Summary

Microsoft Bing Visual Search, a powerful tool that allows users to find content using photographs as queries, has been significantly optimized with the help of NVIDIA accelerated libraries. This collaboration resulted in a 5.13x speedup and substantial cost savings, enhancing the system’s throughput and reducing energy usage. This article delves into the details of this optimization process and its benefits.

Microsoft Bing Visual Search operates on billions of images across the web, making performance critical. The core of this capability is Microsoft’s TuringMM visual embedding model, which maps images and text into a shared high-dimensional space. The original implementation used ONNXRuntime with CUDA Execution Provider for GPU acceleration but faced bottlenecks in image decoding and preprocessing.

The Role of NVIDIA Accelerated Libraries

NVIDIA TensorRT, CV-CUDA, and nvImageCodec were introduced to improve both image decoding and model inference speeds. TensorRT, with its advanced optimizations like reduced precision and layer fusion, significantly enhanced deep learning inference on NVIDIA GPUs. CV-CUDA accelerated image preprocessing operations, while nvImageCodec handled image decoding, supporting batch decoding and maintaining compatibility across various formats.

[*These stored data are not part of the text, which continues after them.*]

Lemma integRn_div_flux m : integRn n (div_flux n p f m) = 0.
Proof.
  set (M := Rmax R0 1). assert (HM : 0 < M) by apply Rmax_1_gt0.
  replace (div_flux n p f m) with (fun x => sumn n (fun i => flux_deriv n p f m i x))
    by (apply functional_extensionality; intros; apply sumn_flux_deriv).
  unfold integRn. rewrite (integ_sumn n M HM) by (auto using Cc_cube_flux_deriv).
  rewrite (sumn_ext n _ (fun _ => 0)), sumn_const by
    (intros i Hi; apply (integRn_derivative_eq0 n M HM (flux n p f m i) _ i);
     auto using Cc_cube_flux, Cc_cube_flux_deriv, derivable_pt_lim_flux).
  ring.
Qed.

Lemma off_annulus_eq0 x : (normn n x < r \/ R0 < normn n x) ->
  f x = 0 /\ gradnorm n f x = 0 /\ x_dot_grad n f x = 0.
Proof.
  intros Hx.
  assert (Hpartial : forall i, (i < n)%nat -> partial i f x ^ 2 = 0 /\ x i * partial i f x = 0)
    by (intros i Hi; rewrite partial_off_annulus by auto; split; ring).
  unfold gradnorm, x_dot_grad.
  rewrite (sumn_ext n (fun i => partial i f x ^ 2) (fun _ => 0)),
    (sumn_ext n (fun i => x i * partial i f x) (fun _ => 0)), sumn_const, Rmult_0_r, sqrt_0
    by (intros; apply Hpartial; auto).
  auto.
Qed.

Ltac off_annulus := intros x Hx; destruct (off_annulus_eq0 x Hx) as [Hf0 [Hg0 Hs0]];
  rewrite ?Hf0, ?Hg0, ?Hs0, ?Rmult_0_r, ?Rplus_0_r, ?Rdiv_0_l, ?rpow_abs0, ?spow0,
    ?(rpow_nonpos 0) by lra;
  unfold Rdiv; ring.

Ltac cont_at_auto :=
  repeat first [apply cont_at_div | apply cont_at_spow_f | apply cont_at_rpow_abs_f
               | apply cont_at_normn_rpow | apply cont_at_x_dot_grad | apply cont_at_f
               | apply cont_at_normn | apply cont_at_const | apply cont_at_plus | apply cont_at_mult];
  auto; try lra; try (apply Rgt_not_eq, rpow_gt0; auto).

Ltac cont_on_punctured := intros ? ?; cont_at_auto.

Lemma cont_at_gradnorm x : cont_at n (gradnorm n f) x.
Proof.
  apply (cont_at_comp n sqrt); [|apply continuity_pt_sqrt, sumn_sq_ge0].
  apply cont_at_sumn. intros i Hi. simpl.
  repeat apply cont_at_mult; auto using cont_at_partial, cont_at_const.
Qed.

Lemma Cc_cube_grad_weight a : Cc_cube n (Rmax R0 1) (grad_weight n p a f).
Proof.
  apply Cc_cube_of_annulus; unfold grad_weight; [off_annulus|]. intros x Hx.
  apply cont_at_div; [|apply cont_at_normn_rpow; auto|apply Rgt_not_eq, rpow_gt0; auto].
  apply (cont_at_comp n (fun a => rpow a p)); [apply cont_at_gradnorm|].
  apply continuity_pt_rpow; [lra|apply sqrt_pos].
Qed.

Lemma Cc_cube_hardy_weight a : Cc_cube n (Rmax R0 1) (hardy_weight n p a f).
Proof. apply Cc_cube_of_annulus; unfold hardy_weight; [off_annulus|cont_on_punctured]. Qed.

Lemma Cc_cube_pow_weight d : Cc_cube n (Rmax R0 1) (pow_weight n p f d).
Proof. apply Cc_cube_of_annulus; unfold pow_weight; [off_annulus|cont_on_punctured]. Qed.

Lemma Cc_cube_div_flux m : Cc_cube n (Rmax R0 1) (div_flux n p f m).
Proof. apply Cc_cube_of_annulus; unfold div_flux; [off_annulus|cont_on_punctured]. Qed.

Lemma Cc_cube_cross_weight g d : Cc_cube n (Rmax R0 1) (cross_weight n p f g d).
Proof. apply Cc_cube_of_annulus; unfold cross_weight; [off_annulus|cont_on_punctured]. Qed.

Lemma Cc_cube_remainder_weight a g : Cc_cube n (Rmax R0 1) (remainder_weight n p a f g).
Proof.
  apply Cc_cube_of_annulus; unfold remainder_weight, radial_remainder; [off_annulus|].
  intros x Hx.
  apply cont_at_mult; [|apply cont_at_normn_rpow; auto].
  apply (cont_at_comp n (fun a => rpow (Rabs a) p)); [cont_at_auto|apply continuity_pt_rpow_abs; lra].
Qed.

Lemma integRn_hardy_gap_ge a c g : is_cp p c -> 0 < g -> g = (INR n - p - a * p) / p ->
  c * integRn n (remainder_weight n p a f g) <=
  integRn n (grad_weight n p a f) - Rpower g p * integRn n (hardy_weight n p a f).
Proof.
  intros Hc Hg Hgd. set (M := Rmax R0 1). assert (HM : 0 < M) by apply Rmax_1_gt0.
  set (H := fun x => Rpower g p * hardy_weight n p a f x
                     + - Rpower g (p - 1) * div_flux n p f (- (a * p) - p) x).
  assert (HH : Cc_cube n M H) by (apply Cc_cube_lin; auto using Cc_cube_hardy_weight, Cc_cube_div_flux).
  assert (Hle : integRn n (fun x => 1 * H x + c * remainder_weight n p a f g x)
                <= integRn n (grad_weight n p a f)).
  { apply (integRn_le n M HM); auto using Cc_cube_lin, Cc_cube_remainder_weight, Cc_cube_grad_weight.
    intros x. unfold H. pose proof (hardy_gap_pointwise n p a c f g x p_ge2 Hc Hg Hgd). lra. }
  rewrite (integRn_lin n M HM) in Hle by auto using Cc_cube_remainder_weight. unfold H in Hle.
  rewrite (integRn_lin n M HM), integRn_div_flux in Hle
    by auto using Cc_cube_hardy_weight, Cc_cube_div_flux.
  lra.
Qed.

Lemma integRn_pow_weight_ge0 d : 0 <= integRn n (pow_weight n p f d).
Proof.
  apply (integRn_ge0 n (Rmax R0 1)); [apply Rmax_1_gt0|apply Cc_cube_pow_weight|].
  intros x. apply Rmult_le_pos; apply rpow_ge0.
Qed.

Lemma integRn_remainder_weight_ge0 a g : 0 <= integRn n (remainder_weight n p a f g).
Proof.
  apply (integRn_ge0 n (Rmax R0 1)); [apply Rmax_1_gt0|apply Cc_cube_remainder_weight|].
  intros x. apply Rmult_le_pos; apply rpow_ge0.
Qed.

Lemma integRn_pow_weight_young a g d d' eps : 0 < eps -> d' = (d + 1 + a) * (p / (p - 1)) ->
  Rabs (INR n + d - p * g) * integRn n (pow_weight n p f d) <=
  rpow eps p * integRn n (remainder_weight n p a f g)
  + (p - 1) * rpow (/ eps) (p / (p - 1)) * integRn n (pow_weight n p f d').
Proof.
  intros He Hd'. set (M := Rmax R0 1). assert (HM : 0 < M) by apply Rmax_1_gt0.
  assert (HKN : (INR n + d - p * g) * integRn n (pow_weight n p f d)
                = integRn n (fun x => - p * cross_weight n p f g d x)).
  { rewrite <- (integRn_scal n M HM) by apply Cc_cube_pow_weight.
    replace (fun x => (INR n + d - p * g) * pow_weight n p f d x)
      with (fun x => 1 * div_flux n p f d x + - p * cross_weight n p f g d x)
      by (apply functional_extensionality; intros; rewrite pow_weight_split; ring).
    rewrite (integRn_lin n M HM), integRn_div_flux, (integRn_scal n M HM)
      by auto using Cc_cube_div_flux, Cc_cube_cross_weight.
    ring. }
  rewrite <- (Rabs_pos_eq (integRn n (pow_weight n p f d))), <- Rabs_mult, HKN
    by apply integRn_pow_weight_ge0.
  rewrite <- (integRn_lin n M HM) by auto using Cc_cube_remainder_weight, Cc_cube_pow_weight.
  apply (abs_integRn_le n M HM);
    auto using Cc_cube_lin, Cc_cube_scal, Cc_cube_cross_weight, Cc_cube_remainder_weight,
      Cc_cube_pow_weight.
  intros x. replace (- p * cross_weight n p f g d x) with (- (p * cross_weight n p f g d x)) by ring.
  rewrite Rabs_Ropp. now apply cross_weight_young.
Qed.
Lemma walk_lebP (V : finType) (G : {set V * V}) n x y :
  reflect (walk_le G x y n) (walk_leb G n x y).
Proof.
elim: n x => [|n IH] x /=.
  apply: (iffP eqP) => [->|[p [pp lp sp]]]; first exact: walk_nil.
  by case: p pp lp sp.
apply: (iffP orP) => [[/eqP->|/existsP[z /andP[xz /IH wz]]]|[p [pp lp sp]]].
- exact: walk_nil.
- exact: walk_cons xz wz.
- case: p pp lp sp => [|z p] /=; first by move=> _ ->; left.
  move=> /andP[xz pz] lp sp; right; apply/existsP; exists z.
  by rewrite -/(erel G x z) xz; apply/IH; exists p.
Qed.

Lemma distance_to (V : finType) (G : {set V * V}) (r : V) :
  exists (reach : V -> bool) (dist : V -> nat),
    [/\ forall x, reach x <-> exists n, walk_le G x r n,
        forall x, reach x -> walk_le G x r (dist x)
      & forall x n, walk_le G x r n -> dist x <= n].
Proof.
have pick_dist x : exists p : bool * nat,
    (p.1 <-> exists n, walk_le G x r n) /\
    (forall n, walk_le G x r n -> walk_le G x r p.2 /\ p.2 <= n).
  case: (classic (exists n, walk_le G x r n)) => [ex|nex]; last first.
    by exists (false, 0); split => // n wn; case: nex; exists n.
  have exb : exists n, walk_leb G n x r by case: ex => n /walk_lebP; exists n.
  exists (true, ex_minn exb); case: ex_minnP => m /walk_lebP hm hmin /=.
  by split => // n /walk_lebP /hmin.
have [f hf] := fin_all_exists pick_dist.
exists (fun x => (f x).1), (fun x => (f x).2); split => x.
- exact: (hf x).1.
- by move=> /(hf x).1 [n /((hf x).2 n) []].
- by move=> n /((hf x).2 n) [].
Qed.

(* Shortest-walk trees: pointing every reachable vertex to a neighbour one
   step closer to r yields an in-arborescence rooted at r that preserves all
   distances to r. *)
Section ShortestWalkTree.
Variables (V : finType) (G : {set V * V}) (r : V).
Variables (reach : V -> bool) (dist : V -> nat).
Hypothesis reachP : forall x, reach x <-> exists n, walk_le G x r n.
Hypothesis dist_walk : forall x, reach x -> walk_le G x r (dist x).
Hypothesis dist_min : forall x n, walk_le G x r n -> dist x <= n.

Definition parent (x : V) : V :=
  odflt r [pick z | [&& (x, z) \in G, reach z & dist z < dist x]].

Lemma parentP x : reach x -> x != r ->
  [&& (x, parent x) \in G, reach (parent x) & dist (parent x) < dist x].
Proof.
move=> rx xr; rewrite /parent; case: pickP => [z -> //|none]; exfalso.
have [[|z p] [pp lp sp]] := dist_walk rx; first by move: lp xr => /= ->; rewrite eqxx.
move: pp lp sp => /= /andP[xz pz] lp sp.
have wz : walk_le G z r (size p) by exists p.
have rz : reach z by apply/reachP; exists (size p).
have := none z; rewrite -/(erel G x z) xz rz /=.
by rewrite (leq_ltn_trans (dist_min wz) sp).
Qed.
Theorem mainTheorem6 (Y O : finType) (p : nat)
  (phi : Y -> vec p) (psi : O -> vec p) (L : O -> Y -> R)
  (V : 'I_p -> 'I_p -> R) (b : vec p) (c : Y -> R)
  (HLnn : forall (yh : O) (y : Y), 0 <= L yh y)
  (HL : forall (yh : O) (y : Y),
      L yh y = dot (psi yh) (vadd (matvec V (phi y)) b) + c y)
  (Om : vec p -> ER)
  (Hproper : proper_fun Om) (Hconv : convex_fun Om) (Hlsc : lsc_fun Om)
  (Hdom : forall y : Y, dom Om (phi y))
  (yhatL : vec p -> O)
  (HyhatL : forall (u : vec p) (y' : O),
      dot (psi (yhatL u)) (vadd (matvec V u) b) <= dot (psi y') (vadd (matvec V u) b))
  (d : vec p -> O) (eps : R) (Heps : 0 <= eps) :
  calib_fn (fun th y => S_Omega Om th (phi y)) L d eps
  = calib_fn_reduced phi psi V b Om yhatL d eps.
Proof.
have [w Om_phi] : exists w : Y -> R, forall y, Om (phi y) = Fin (w y).
  apply: (ClassicalEpsilon.choice (fun y a => Om (phi y) = Fin a)) => y.
  by case Oy: (Om (phi y)) => [a||]; [exists a | case: (Hdom y) | case: (proj1 Hproper (phi y))].
have delta_s_eq := delta_s_S_Omega Hproper Hconv Hlsc Om_phi.
have delta_ell_eq := delta_ell_mu_phi HL HyhatL.
rewrite /calib_fn /calib_fn_reduced; congr ER_inf.
apply: functional_extensionality => z; apply: propositional_extensionality; split.
- move=> [th [q [qs [eps_le ->]]]]; rewrite delta_ell_eq // in eps_le.
  by exists th, (mu_phi phi q); split; [exists q | rewrite delta_s_eq].
- move=> [th [_ [[q [qs ->]] [eps_le ->]]]].
  by exists th, q; rewrite delta_ell_eq // delta_s_eq.
Qed.
Lemma esum_slice (c : R) : 0 <= c ->
  \esum_(x in slice) (c%:E) = (('C(K + s, K))%:R * c)%:E.
Proof.
move=> c0.
rewrite (reindex_esum [set` composition] slice sample_of (fun=> c%:E)); last first.
  exact: sample_of_bij.
rewrite esum_fset; [|exact: finite_finset|by move=> *; rewrite lee_fin].
rewrite -(bigfs _ (r := enum {: Tup})) ?enum_uniq //; last first.
  by move=> i _; rewrite mem_enum.
rewrite sumEFin big_enum_cond /= sumr_const -card_ord_partitions mulr_natl.
by congr (_%:E); congr (_ *+ _); apply: eq_card => t; rewrite inE.
Qed.

End ExcessSlice.

Lemma expect_by_excess (f : {ffun T -> int} -> R) (g : nat -> R) K : N = K.+1 ->
  (forall s, 0 <= g s) ->
  (forall x, sample_support n a x -> f x = g (excess x)) ->
  expect n a p f = (\sum_(s <oo) (negbin p K s * g s)%:E)%E.
Proof.
move=> hN g0 hf; rewrite /expect.
have pq_ge0 s : 0 <= p ^+ N * q ^+ s * g s.
  by rewrite /q !mulr_ge0 ?exprn_ge0 ?subr_ge0 //; case/andP: hp => /ltW ? /ltW.
have -> : sample_support n a = \bigcup_(s in setT) slice s.
  by apply/seteqP; split => [x Sx|x [s _ [Sx _]]] //=; exists (excess x).
rewrite esum_bigcup; first last.
- by move=> x [s _ [Sx sx]]; rewrite sample_pmfE // hf // lee_fin.
- by move=> i j _ _ [x [[_ <-] [_ <-]]].
rewrite -nneseries_esumT; last first.
  by move=> s; apply: esum_ge0 => x [Sx sx]; rewrite sample_pmfE // hf // lee_fin.
apply: eq_eseriesr => s _.
rewrite (eq_esum (b := fun=> (p ^+ N * q ^+ s * g s)%:E)); last first.
  by move=> x [Sx <-]; rewrite sample_pmfE // hf.
rewrite (@esum_slice K) ?card_obs //; congr (_%:E).
by rewrite /negbin -hN; ring.
Qed.

Lemma expect_p_ml_scaled (f : {ffun T -> int} -> R) (c : R) : (0 < N)%N -> 0 <= c ->
  (forall x, sample_support n a x -> f x = c * p_ml n a x) ->
  expect n a p f = (c * (p * hyp2F1 1 1 N.+1%:R q))%:E.
Proof.
move=> N0 c0 hf; have hN : N = N.-1.+1 by rewrite prednK.
rewrite (@expect_by_excess _ (fun s => c * (N%:R / (N + s)%:R)) _ hN).
- apply: eseries_EFin.
  have -> : (fun s => negbin p N.-1 s * (c * (N%:R / (N + s)%:R)))
      = c *: ratio_term p N.-1.
    by apply/funext => s; rewrite /ratio_term !fctE -hN -[_ *: _]/(_ * _); ring.
  by rewrite seriesZ; apply: (cvgZ (cvg_cst _)); rewrite {2}hN; exact: ratio_series.
- by move=> s; rewrite mulr_ge0 ?divr_ge0 ?ler0n.
- by move=> x hx; rewrite hf // p_mlE.
Qed.

End Sample.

Optimizing the Visual Embeddings Model Pipeline

The collaboration between NVIDIA and Microsoft Bing Visual Search teams identified several optimization opportunities. The use of TensorRT was a key factor, leveraging its support for fused attention layers in transformer architectures. This improved the execution of computationally expensive layers, impacting end-to-end inference performance.

The Impact of NVIDIA Libraries

  • TensorRT: Provided maximum performance and efficiency for deep learning inference, leveraging advanced optimizations.
  • nvImageCodec: Enabled GPU-accelerated image decoding, supporting batch decoding and maintaining compatibility across formats.
  • CV-CUDA: Accelerated image preprocessing operations, optimized for image batches and variable shape image batches.

Results

The introduction of NVIDIA accelerated libraries resulted in a 5.13x speedup and significant TCO reduction. The optimized pipeline fully offloaded the majority of the inference task to the GPU device, allowing for more optimal and faster processing, as well as greater power efficiency.

Technical Details

TensorRT Execution Provider

  • Key Features:
    • Maximum performance and efficiency for deep learning inference.
    • Advanced optimizations like reduced precision and layer fusion.
  • Benefits:
    • Ideal for deployment scenarios where performance, throughput, and low latency are critical.

nvImageCodec

  • Key Features:
    • GPU-accelerated image decoding.
    • Supports batch decoding and maintains compatibility across formats.
  • Benefits:
    • Enables decoding multiple images simultaneously, maximizing GPU efficiency.

CV-CUDA

  • Key Features:
    • GPU-accelerated implementation of common image processing operations.
    • Optimized for image batches and variable shape image batches.
  • Benefits:
    • Accelerates preprocessing of images, exploiting batch parallelization.

The collaboration between NVIDIA and Microsoft Bing Visual Search teams highlights the potential of GPU acceleration in enhancing visual search capabilities. As visual search continues to evolve, the importance of efficient and powerful processing solutions will only grow, making NVIDIA accelerated libraries a crucial component in this field.

Table: Comparison of Original and Optimized Pipelines

Feature Original Pipeline Optimized Pipeline
GPU Acceleration ONNXRuntime with CUDA Execution Provider NVIDIA TensorRT, CV-CUDA, and nvImageCodec
Image Decoding Limited by software decoding Accelerated with nvImageCodec
Image Preprocessing Limited by OpenCV Accelerated with CV-CUDA
Performance Improvement - 5.13x speedup
TCO Reduction - Significant reduction

The Power of Collaboration

The partnership between NVIDIA and Microsoft Bing Visual Search teams demonstrates the power of collaboration in achieving significant performance improvements. By leveraging NVIDIA accelerated libraries, Microsoft Bing Visual Search was able to enhance its capabilities, providing faster and more efficient visual search experiences for users.

Conclusion

NVIDIA accelerated libraries, including TensorRT, CV-CUDA, and nvImageCodec, significantly optimized Microsoft Bing Visual Search. This optimization not only enhanced the system’s throughput but also reduced energy usage and processing times, demonstrating the critical role of GPU acceleration in large-scale visual search applications.